_Task to carry out_:
Please tally the lines of the records that contain "Implicit" and send back only the total.

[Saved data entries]
===============
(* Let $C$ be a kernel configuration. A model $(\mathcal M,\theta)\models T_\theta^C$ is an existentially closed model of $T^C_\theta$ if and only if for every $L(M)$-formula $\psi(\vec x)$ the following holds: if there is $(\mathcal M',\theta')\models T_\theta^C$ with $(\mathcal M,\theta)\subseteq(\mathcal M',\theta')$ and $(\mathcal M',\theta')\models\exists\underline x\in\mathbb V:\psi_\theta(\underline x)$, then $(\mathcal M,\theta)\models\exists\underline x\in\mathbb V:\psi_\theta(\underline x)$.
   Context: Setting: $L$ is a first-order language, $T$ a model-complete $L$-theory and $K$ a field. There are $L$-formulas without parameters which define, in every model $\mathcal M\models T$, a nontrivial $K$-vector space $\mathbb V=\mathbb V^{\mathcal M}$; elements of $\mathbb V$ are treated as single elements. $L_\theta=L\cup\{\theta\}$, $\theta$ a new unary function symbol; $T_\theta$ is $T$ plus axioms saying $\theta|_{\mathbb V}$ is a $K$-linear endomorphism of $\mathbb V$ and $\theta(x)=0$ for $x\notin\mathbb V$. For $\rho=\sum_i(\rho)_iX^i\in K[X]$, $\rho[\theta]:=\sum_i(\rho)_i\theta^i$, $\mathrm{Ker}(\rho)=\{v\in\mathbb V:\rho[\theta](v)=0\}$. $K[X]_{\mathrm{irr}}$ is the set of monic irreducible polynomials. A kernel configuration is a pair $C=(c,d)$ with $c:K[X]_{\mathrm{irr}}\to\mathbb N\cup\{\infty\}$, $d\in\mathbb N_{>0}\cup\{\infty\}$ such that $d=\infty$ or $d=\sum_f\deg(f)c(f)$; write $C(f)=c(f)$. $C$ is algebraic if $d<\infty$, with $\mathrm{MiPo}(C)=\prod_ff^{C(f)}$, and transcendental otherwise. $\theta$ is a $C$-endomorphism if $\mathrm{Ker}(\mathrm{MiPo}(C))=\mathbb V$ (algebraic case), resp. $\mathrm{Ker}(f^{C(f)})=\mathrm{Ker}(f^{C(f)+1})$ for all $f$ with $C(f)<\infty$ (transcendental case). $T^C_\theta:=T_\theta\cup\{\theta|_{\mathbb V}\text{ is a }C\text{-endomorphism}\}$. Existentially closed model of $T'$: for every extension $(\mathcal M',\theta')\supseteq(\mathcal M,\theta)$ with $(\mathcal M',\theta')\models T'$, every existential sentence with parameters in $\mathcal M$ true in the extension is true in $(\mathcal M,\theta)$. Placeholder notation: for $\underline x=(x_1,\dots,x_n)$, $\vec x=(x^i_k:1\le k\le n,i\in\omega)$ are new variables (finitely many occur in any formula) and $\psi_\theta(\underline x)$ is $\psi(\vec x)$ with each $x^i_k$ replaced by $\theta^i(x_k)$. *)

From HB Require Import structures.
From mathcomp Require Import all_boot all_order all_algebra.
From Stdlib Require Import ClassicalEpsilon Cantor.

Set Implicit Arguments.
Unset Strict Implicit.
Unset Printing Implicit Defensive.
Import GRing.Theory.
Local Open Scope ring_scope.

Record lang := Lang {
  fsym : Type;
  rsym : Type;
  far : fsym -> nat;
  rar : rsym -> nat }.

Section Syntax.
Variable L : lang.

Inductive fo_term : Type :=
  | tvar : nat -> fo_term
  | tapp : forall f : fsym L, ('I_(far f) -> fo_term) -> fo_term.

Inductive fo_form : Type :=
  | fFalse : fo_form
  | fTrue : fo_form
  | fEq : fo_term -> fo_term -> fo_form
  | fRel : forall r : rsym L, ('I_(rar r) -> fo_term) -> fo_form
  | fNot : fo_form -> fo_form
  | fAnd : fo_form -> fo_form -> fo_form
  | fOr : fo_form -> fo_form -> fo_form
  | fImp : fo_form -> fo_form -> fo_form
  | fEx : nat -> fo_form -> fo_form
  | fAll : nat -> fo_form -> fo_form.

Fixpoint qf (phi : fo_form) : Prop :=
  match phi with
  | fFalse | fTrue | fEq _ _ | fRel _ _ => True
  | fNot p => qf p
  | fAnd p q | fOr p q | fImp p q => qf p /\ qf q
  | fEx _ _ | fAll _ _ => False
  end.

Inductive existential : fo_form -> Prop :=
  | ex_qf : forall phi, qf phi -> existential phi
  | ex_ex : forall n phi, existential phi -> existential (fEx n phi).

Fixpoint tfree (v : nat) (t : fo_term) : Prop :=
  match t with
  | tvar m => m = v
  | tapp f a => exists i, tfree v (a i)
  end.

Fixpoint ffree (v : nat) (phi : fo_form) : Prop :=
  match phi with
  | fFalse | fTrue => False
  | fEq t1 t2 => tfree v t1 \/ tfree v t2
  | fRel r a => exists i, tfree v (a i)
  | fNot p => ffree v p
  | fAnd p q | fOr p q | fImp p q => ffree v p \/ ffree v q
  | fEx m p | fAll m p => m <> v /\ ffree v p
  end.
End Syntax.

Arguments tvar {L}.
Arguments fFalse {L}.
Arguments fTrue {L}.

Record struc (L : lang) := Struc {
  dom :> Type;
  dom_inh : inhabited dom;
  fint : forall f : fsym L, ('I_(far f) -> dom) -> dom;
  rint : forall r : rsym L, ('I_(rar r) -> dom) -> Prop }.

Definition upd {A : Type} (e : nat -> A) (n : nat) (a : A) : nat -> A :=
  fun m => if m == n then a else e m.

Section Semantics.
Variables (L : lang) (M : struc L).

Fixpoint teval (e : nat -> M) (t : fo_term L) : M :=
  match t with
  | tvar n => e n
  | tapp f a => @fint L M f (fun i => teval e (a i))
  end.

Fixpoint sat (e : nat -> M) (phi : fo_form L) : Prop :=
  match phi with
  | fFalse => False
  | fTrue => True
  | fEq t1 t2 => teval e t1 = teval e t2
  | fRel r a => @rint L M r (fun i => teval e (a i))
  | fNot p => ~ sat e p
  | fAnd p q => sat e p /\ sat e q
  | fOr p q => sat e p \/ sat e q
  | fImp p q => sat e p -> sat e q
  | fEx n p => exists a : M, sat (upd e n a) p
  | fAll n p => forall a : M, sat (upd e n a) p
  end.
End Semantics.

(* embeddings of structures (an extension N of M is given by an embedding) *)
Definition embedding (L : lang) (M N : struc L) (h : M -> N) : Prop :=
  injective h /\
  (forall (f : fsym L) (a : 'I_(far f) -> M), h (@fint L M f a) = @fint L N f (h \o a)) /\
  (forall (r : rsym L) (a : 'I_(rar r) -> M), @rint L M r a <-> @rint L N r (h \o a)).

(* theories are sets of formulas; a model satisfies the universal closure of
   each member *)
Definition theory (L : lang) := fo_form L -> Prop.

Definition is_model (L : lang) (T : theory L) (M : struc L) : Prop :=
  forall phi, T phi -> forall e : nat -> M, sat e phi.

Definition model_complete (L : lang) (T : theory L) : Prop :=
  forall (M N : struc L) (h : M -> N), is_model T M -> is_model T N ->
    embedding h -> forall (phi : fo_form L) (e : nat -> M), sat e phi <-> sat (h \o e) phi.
===============
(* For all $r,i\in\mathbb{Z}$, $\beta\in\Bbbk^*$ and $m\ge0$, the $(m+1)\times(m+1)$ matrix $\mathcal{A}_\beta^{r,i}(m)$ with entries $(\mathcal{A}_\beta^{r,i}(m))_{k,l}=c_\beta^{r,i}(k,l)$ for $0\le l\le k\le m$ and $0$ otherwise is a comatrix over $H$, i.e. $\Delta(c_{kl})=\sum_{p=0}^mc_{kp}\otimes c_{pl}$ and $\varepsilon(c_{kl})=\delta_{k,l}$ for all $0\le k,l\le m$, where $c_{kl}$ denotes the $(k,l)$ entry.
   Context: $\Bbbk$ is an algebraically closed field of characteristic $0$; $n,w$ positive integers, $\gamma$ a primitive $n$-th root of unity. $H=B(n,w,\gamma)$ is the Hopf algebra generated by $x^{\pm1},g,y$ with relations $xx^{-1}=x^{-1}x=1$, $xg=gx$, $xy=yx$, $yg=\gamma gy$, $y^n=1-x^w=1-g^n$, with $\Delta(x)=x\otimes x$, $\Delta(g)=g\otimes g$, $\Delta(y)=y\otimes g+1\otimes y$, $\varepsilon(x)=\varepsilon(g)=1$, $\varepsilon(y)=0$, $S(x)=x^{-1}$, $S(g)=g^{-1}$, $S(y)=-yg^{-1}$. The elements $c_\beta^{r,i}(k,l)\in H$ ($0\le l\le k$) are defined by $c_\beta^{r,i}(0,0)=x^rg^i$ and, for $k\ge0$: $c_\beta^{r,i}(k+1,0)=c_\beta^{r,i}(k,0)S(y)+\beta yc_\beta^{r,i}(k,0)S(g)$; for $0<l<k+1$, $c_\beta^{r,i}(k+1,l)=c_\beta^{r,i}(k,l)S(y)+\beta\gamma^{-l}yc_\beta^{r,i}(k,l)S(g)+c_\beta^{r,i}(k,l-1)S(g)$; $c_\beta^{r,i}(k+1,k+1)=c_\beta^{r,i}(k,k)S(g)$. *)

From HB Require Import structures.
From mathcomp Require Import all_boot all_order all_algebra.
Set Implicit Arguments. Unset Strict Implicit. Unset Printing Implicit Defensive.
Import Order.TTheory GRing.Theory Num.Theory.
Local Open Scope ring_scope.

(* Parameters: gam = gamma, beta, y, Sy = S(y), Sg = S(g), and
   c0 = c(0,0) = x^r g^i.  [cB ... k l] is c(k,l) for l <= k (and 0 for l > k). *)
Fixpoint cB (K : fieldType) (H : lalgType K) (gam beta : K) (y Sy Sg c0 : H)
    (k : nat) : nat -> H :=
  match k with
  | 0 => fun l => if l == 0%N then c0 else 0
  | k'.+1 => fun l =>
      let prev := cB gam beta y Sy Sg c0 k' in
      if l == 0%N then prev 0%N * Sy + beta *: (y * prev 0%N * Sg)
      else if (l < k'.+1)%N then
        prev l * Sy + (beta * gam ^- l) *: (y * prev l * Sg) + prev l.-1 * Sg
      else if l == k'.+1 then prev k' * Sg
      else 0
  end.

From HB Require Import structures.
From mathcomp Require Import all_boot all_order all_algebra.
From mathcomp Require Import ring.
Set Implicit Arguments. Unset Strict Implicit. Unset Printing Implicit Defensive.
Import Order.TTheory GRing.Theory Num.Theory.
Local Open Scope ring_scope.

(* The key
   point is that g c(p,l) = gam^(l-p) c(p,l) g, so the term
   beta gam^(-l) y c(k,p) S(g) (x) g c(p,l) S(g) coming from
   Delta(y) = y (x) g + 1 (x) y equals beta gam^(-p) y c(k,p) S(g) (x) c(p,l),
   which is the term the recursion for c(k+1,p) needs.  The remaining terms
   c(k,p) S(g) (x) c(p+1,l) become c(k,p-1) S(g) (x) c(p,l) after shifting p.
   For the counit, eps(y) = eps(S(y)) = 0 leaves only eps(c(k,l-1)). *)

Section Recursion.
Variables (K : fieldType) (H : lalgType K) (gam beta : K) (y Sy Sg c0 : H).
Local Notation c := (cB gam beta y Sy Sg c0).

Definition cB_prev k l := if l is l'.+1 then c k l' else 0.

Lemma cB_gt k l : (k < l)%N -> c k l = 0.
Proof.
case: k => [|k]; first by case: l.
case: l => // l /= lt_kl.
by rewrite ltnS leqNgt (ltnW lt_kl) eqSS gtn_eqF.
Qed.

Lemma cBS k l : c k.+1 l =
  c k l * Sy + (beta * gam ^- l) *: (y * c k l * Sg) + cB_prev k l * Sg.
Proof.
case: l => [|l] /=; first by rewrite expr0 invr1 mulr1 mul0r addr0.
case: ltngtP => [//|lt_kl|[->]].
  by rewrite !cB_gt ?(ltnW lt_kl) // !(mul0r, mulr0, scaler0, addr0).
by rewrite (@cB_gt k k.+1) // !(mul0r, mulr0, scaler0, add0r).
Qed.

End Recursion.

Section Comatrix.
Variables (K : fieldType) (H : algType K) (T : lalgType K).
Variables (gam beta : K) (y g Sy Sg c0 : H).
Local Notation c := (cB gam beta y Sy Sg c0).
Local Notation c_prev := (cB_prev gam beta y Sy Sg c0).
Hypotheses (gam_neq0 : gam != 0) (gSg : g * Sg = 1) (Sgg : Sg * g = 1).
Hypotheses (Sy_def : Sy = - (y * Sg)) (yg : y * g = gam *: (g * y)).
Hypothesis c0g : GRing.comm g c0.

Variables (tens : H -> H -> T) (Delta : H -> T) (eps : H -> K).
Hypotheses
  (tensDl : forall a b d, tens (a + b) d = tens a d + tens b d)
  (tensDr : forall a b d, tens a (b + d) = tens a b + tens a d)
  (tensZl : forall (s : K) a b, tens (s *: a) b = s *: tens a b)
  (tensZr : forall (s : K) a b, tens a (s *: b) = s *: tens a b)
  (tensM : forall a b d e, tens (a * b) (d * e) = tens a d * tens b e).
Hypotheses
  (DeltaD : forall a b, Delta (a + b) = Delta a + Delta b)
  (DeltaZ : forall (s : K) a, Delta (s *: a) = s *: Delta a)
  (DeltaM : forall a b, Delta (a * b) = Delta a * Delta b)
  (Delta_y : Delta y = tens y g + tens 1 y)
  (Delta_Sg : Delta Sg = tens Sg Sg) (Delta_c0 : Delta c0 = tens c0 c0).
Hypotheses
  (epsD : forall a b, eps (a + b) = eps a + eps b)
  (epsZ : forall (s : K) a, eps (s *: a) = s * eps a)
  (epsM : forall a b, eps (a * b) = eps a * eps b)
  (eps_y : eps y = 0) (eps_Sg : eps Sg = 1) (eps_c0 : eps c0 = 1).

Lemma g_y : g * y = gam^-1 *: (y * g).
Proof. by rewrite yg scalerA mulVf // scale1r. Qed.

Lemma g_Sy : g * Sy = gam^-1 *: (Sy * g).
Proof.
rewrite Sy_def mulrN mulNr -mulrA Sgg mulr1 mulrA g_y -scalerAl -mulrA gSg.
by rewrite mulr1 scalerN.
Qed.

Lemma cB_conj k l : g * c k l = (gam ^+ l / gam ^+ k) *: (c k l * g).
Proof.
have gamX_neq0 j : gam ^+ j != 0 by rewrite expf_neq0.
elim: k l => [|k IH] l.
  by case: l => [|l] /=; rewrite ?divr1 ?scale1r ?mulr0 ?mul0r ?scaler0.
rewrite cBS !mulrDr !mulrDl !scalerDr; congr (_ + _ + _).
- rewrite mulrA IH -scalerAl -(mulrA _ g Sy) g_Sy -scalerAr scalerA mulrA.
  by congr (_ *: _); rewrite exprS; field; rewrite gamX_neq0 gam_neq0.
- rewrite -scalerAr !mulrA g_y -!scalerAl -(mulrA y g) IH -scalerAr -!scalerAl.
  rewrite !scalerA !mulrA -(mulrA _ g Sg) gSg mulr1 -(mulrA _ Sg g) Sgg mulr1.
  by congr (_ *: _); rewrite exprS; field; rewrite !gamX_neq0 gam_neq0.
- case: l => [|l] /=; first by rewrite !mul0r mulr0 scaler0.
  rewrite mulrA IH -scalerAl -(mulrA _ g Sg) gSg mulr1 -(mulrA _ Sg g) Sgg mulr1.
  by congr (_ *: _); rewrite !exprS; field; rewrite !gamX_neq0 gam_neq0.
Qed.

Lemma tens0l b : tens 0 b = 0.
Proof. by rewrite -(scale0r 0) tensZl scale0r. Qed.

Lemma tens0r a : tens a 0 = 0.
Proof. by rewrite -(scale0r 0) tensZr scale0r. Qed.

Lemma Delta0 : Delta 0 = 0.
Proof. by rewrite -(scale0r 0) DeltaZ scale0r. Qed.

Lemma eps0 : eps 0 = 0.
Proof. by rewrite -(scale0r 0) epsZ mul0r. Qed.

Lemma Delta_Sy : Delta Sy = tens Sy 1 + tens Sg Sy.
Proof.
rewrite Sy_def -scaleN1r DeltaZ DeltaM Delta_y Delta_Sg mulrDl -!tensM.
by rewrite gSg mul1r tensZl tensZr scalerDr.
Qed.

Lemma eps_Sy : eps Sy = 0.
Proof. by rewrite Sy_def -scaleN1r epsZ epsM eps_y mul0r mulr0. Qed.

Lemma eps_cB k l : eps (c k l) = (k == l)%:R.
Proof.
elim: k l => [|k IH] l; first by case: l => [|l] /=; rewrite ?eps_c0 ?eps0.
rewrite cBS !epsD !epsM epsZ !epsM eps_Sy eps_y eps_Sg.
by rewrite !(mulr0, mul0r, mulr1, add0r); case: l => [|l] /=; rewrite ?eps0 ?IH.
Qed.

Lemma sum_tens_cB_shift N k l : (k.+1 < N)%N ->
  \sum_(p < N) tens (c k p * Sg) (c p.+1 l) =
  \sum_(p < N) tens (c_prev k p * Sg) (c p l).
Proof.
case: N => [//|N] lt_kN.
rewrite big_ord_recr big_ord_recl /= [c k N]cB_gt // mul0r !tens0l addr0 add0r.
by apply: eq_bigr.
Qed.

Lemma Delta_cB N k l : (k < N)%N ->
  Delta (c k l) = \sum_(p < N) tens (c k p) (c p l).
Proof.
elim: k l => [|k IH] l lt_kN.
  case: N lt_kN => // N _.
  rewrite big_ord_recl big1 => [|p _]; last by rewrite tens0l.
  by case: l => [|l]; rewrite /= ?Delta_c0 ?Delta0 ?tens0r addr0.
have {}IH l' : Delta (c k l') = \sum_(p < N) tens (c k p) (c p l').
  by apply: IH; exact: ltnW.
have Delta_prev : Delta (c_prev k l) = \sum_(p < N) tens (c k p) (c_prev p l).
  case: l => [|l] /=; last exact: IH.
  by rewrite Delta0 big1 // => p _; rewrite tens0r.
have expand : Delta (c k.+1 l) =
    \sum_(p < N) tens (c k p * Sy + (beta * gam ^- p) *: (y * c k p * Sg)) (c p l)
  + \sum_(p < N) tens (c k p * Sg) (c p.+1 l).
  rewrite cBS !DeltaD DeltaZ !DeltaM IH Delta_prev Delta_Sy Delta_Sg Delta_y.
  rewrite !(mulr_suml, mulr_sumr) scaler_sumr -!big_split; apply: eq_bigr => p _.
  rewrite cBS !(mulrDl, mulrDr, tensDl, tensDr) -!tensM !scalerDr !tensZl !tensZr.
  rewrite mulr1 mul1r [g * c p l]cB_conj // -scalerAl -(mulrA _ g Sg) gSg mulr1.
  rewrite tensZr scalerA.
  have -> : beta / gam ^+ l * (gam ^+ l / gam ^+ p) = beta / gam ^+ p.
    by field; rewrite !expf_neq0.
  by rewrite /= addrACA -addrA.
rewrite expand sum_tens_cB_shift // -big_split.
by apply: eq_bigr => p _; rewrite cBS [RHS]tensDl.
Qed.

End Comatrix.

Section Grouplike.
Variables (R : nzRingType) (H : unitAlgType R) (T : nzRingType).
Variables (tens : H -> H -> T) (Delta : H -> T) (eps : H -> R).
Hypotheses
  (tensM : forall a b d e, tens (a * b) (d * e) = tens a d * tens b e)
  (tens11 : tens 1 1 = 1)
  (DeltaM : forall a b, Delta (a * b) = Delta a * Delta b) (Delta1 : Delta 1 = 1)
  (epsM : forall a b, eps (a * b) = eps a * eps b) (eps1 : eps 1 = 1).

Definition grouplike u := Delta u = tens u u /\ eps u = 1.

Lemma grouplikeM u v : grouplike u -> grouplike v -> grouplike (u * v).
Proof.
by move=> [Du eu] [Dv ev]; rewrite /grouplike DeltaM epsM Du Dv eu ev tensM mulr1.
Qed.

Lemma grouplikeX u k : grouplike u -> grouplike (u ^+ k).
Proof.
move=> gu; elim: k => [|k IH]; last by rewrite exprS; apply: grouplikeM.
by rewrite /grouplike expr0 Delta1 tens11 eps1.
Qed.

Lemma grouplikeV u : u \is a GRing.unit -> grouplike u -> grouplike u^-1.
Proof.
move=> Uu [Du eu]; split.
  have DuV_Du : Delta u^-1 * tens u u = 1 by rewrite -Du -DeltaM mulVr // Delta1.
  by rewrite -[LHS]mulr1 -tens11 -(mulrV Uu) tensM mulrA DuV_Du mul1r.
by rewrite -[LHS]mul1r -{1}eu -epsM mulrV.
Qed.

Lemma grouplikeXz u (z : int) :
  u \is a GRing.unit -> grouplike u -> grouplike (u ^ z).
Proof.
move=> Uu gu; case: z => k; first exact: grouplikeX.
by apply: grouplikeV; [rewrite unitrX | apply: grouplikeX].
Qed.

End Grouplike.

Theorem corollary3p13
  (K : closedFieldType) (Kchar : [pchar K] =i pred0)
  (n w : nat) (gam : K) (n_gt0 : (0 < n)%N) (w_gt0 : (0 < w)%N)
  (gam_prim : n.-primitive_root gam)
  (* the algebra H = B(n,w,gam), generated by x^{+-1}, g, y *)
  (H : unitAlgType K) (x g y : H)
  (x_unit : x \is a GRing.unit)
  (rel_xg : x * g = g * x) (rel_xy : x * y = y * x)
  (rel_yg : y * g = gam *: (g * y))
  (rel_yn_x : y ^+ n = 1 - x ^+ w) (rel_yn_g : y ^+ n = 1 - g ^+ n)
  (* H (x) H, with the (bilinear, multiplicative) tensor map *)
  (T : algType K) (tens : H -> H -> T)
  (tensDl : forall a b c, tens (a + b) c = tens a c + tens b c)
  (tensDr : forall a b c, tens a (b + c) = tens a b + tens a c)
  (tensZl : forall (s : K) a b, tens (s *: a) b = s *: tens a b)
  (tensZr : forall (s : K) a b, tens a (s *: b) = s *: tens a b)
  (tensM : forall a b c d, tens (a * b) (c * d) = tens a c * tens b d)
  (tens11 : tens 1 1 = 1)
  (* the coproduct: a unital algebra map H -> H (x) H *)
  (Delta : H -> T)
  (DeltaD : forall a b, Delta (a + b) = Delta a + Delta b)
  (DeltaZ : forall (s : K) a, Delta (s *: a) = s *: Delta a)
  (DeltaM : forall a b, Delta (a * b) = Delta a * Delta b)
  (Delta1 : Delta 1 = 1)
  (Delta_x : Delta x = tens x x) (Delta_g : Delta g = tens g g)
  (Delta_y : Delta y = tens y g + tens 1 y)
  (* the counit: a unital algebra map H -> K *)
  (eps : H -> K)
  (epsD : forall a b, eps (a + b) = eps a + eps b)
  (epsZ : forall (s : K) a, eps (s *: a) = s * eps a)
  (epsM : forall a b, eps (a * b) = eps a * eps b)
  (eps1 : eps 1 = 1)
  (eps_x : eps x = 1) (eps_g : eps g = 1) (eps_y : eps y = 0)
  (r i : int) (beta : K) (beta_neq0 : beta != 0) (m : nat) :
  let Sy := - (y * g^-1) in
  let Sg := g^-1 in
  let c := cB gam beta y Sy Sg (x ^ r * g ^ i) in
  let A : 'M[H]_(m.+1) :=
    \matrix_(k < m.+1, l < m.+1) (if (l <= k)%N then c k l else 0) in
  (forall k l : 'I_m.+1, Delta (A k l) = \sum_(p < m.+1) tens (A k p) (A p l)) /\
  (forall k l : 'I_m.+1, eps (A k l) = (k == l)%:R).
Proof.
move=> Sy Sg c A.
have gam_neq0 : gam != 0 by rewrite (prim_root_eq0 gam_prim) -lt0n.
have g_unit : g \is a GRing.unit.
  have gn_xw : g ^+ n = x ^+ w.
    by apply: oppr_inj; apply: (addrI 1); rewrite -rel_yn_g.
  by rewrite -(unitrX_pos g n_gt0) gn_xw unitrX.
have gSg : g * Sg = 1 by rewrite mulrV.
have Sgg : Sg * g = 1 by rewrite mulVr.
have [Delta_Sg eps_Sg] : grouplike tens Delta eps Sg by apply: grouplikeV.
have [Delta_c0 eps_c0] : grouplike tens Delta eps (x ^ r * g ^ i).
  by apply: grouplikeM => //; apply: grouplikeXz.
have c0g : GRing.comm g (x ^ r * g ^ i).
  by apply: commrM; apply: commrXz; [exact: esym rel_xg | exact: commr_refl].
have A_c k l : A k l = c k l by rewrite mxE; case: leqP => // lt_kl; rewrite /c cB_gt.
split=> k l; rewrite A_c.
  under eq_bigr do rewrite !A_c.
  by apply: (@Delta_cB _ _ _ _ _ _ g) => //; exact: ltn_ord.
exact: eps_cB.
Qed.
===============
_Response area_:
5